■ REQUIRED ACTION ■
Report how many lines in the records that follow have the word "move" in them, giving the number and nothing more.
BEGIN SUPPLIED ENTRIES
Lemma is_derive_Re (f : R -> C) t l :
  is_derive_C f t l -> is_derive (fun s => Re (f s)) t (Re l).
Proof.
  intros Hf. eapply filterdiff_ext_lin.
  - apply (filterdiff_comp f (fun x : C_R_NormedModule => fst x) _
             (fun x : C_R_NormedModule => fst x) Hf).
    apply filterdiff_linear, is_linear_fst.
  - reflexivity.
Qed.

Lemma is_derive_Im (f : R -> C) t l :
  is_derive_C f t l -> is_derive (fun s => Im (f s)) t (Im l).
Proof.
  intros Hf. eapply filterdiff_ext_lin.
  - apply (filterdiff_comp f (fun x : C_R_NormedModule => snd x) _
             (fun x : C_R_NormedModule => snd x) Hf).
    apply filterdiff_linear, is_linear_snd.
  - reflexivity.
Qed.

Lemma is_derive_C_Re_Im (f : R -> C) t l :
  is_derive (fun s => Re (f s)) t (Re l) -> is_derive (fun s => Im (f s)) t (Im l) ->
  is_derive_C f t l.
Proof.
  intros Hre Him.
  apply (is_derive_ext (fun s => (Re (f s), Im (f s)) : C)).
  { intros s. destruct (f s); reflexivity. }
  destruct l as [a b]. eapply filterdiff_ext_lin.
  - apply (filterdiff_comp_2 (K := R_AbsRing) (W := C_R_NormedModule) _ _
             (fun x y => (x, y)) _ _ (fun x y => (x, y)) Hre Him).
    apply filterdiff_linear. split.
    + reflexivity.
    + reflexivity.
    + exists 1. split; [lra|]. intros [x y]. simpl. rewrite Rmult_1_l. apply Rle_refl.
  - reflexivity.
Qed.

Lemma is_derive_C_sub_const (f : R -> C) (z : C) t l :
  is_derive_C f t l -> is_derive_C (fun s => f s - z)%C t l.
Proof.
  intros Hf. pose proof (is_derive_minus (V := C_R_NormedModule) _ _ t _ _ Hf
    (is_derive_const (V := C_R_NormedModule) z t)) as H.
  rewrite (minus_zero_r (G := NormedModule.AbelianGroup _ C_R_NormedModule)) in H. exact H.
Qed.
END SUPPLIED ENTRIES
BEGIN SUPPLIED ENTRIES
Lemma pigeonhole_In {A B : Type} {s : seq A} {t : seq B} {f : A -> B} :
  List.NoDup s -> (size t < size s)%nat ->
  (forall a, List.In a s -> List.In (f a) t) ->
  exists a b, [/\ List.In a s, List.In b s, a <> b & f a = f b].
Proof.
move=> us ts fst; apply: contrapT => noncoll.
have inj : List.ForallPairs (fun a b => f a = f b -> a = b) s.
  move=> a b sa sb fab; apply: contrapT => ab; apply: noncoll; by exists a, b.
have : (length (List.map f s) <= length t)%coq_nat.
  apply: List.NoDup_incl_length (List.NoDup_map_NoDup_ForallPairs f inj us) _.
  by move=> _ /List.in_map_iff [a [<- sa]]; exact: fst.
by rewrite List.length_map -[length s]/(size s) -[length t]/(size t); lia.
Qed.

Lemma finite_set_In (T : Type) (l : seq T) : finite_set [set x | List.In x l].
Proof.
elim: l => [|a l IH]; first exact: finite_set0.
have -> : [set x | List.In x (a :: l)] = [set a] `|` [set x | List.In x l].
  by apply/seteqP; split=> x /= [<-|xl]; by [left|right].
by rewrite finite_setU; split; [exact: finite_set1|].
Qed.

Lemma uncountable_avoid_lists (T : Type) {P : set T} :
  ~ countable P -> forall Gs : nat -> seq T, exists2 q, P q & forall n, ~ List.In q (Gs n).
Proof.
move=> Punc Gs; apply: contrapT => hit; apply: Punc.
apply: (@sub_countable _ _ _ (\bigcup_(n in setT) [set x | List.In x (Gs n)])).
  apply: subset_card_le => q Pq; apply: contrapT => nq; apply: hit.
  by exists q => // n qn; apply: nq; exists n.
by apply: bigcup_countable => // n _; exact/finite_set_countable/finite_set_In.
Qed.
END SUPPLIED ENTRIES
■ WRITTEN ANSWER ■
4